> _Task directions_: Using the data that follows, return exactly the lines from the one that contains "rewrite subrr chips_at_none" through the one that contains "Hypothesis g_rslope0 : rslope g 0 = sg.", ends included.

____

Lemma profile_jump t : 0 < t < Mx -> rslope g t - lslope g t = chips_at p x t.
Proof.
move=> t_in; have [_ _ b_incr _] := gP.
case: (piecewise_interior gP t_in) => [[[|i] [// _ i1_lt ->]]|[i i_lt /andP[bi_lt t_lt]]].
  have i_lt : (i < (size p).+1)%N by apply: ltnW.
  rewrite (piecewise_rslope (i := i.+1) gP) ?lexx ?b_incr //.
  rewrite (piecewise_lslope (i := i) gP) ?lexx ?b_incr //.
  rewrite piece_slopeS // addrC addKr /profile_break /= ifT //.
  by rewrite (chips_at_config xP).
rewrite (piecewise_rslope (i := i) gP) ?(ltW bi_lt) //.
rewrite (piecewise_lslope (i := i) gP) ?bi_lt ?(ltW t_lt) //.
rewrite subrr chips_at_none // => k k_lt; rewrite ltnS in i_lt.
by apply: contraNneq (profile_break_free k_lt i_lt) => ->; rewrite bi_lt.
Qed.

End Slopes.
End ProfilePieces.

Lemma profile_slope_next sg x p u w :
  u < w -> (forall k, (k < size p)%N -> ~~ (u < x k < w)) ->
  profile_slope sg x p w = profile_slope sg x p u + chips_at p x w.
Proof.
move=> uw no_chip; rewrite /profile_slope /chips_at -addrA; congr (_ + _).
rewrite (big_mkcond (fun k : 'I_(size p) => x k <= w)).
rewrite (big_mkcond (fun k : 'I_(size p) => x k <= u)).
rewrite (big_mkcond (fun k : 'I_(size p) => x k == w)) -big_split.
apply: eq_bigr => k _ /=.
have := no_chip k (ltn_ord k); have [xk_le _|u_lt /= xk_ge] := leP (x k) u.
  by rewrite (le_trans xk_le (ltW uw)) (lt_eqF (le_lt_trans xk_le uw)) addr0.
by rewrite le_eqVlt (negbTE xk_ge) orbF add0r.
Qed.

Section ProfileUnique.
Variables (g : R -> R) (Mx : R) (n : nat) (b : nat -> R) (s : nat -> int).
Variables (p : seq nat) (x : nat -> R) (sg : int).
Hypotheses (Mx_gt0 : 0 < Mx) (gP : piecewise_linear g Mx n b s) (xP : chip_config Mx p x).
Hypothesis g_rslope0 : rslope g 0 = sg.
Hypothesis g_jump : forall t, 0 < t < Mx -> rslope g t - lslope g t = chips_at p x t.

Lemma piece_chip_free i k : (i < n)%N -> (k < size p)%N -> ~~ (b i < x k < b i.+1).
Proof.
move=> i_lt k_lt; apply/negP => /andP[bi_lt xk_lt].
have := g_jump (config_in xP k_lt); rewrite (chips_at_config xP k_lt).
rewrite (piecewise_rslope (i := i) gP) ?(ltW bi_lt) //.
rewrite (piecewise_lslope (i := i) gP) ?bi_lt ?(ltW xk_lt) // subrr.
by have := config_pos xP k_lt; lia.
Qed.

Lemma piece_slope_profile i : (i < n)%N -> s i = profile_slope sg x p (b i).
Proof.
have [b0 bn b_incr _] := gP.
elim: i => [|i IH] i_lt.
  rewrite b0 /profile_slope big_pred0 ?addr0; last first.
    by move=> k; rewrite leNgt; have /andP[-> _] := config_in xP (ltn_ord k).
  by rewrite -g_rslope0 (piecewise_rslope gP i_lt) // -b0 lexx b_incr.
have i_lt' : (i < n)%N by apply: ltnW.
have bi1_in : 0 < b i.+1 < Mx.
  by rewrite -{1}b0 -bn !(break_lt gP) ?inE // ltnW.
have := g_jump bi1_in.
rewrite (piecewise_rslope gP i_lt) ?lexx ?b_incr //.
rewrite (piecewise_lslope gP i_lt') ?lexx ?b_incr //.
rewrite (profile_slope_next _ (b_incr i i_lt')); last by move=> k; apply: piece_chip_free.
by rewrite -IH // => <-; rewrite addrC subrK.
Qed.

____

> _Expected output_:
rewrite subrr chips_at_none // => k k_lt; rewrite ltnS in i_lt.
by apply: contraNneq (profile_break_free k_lt i_lt) => ->; rewrite bi_lt.
Qed.

End Slopes.
End ProfilePieces.

Lemma profile_slope_next sg x p u w :
  u < w -> (forall k, (k < size p)%N -> ~~ (u < x k < w)) ->
  profile_slope sg x p w = profile_slope sg x p u + chips_at p x w.
Proof.
move=> uw no_chip; rewrite /profile_slope /chips_at -addrA; congr (_ + _).
rewrite (big_mkcond (fun k : 'I_(size p) => x k <= w)).
rewrite (big_mkcond (fun k : 'I_(size p) => x k <= u)).
rewrite (big_mkcond (fun k : 'I_(size p) => x k == w)) -big_split.
apply: eq_bigr => k _ /=.
have := no_chip k (ltn_ord k); have [xk_le _|u_lt /= xk_ge] := leP (x k) u.
  by rewrite (le_trans xk_le (ltW uw)) (lt_eqF (le_lt_trans xk_le uw)) addr0.
by rewrite le_eqVlt (negbTE xk_ge) orbF add0r.
Qed.

Section ProfileUnique.
Variables (g : R -> R) (Mx : R) (n : nat) (b : nat -> R) (s : nat -> int).
Variables (p : seq nat) (x : nat -> R) (sg : int).
Hypotheses (Mx_gt0 : 0 < Mx) (gP : piecewise_linear g Mx n b s) (xP : chip_config Mx p x).
Hypothesis g_rslope0 : rslope g 0 = sg.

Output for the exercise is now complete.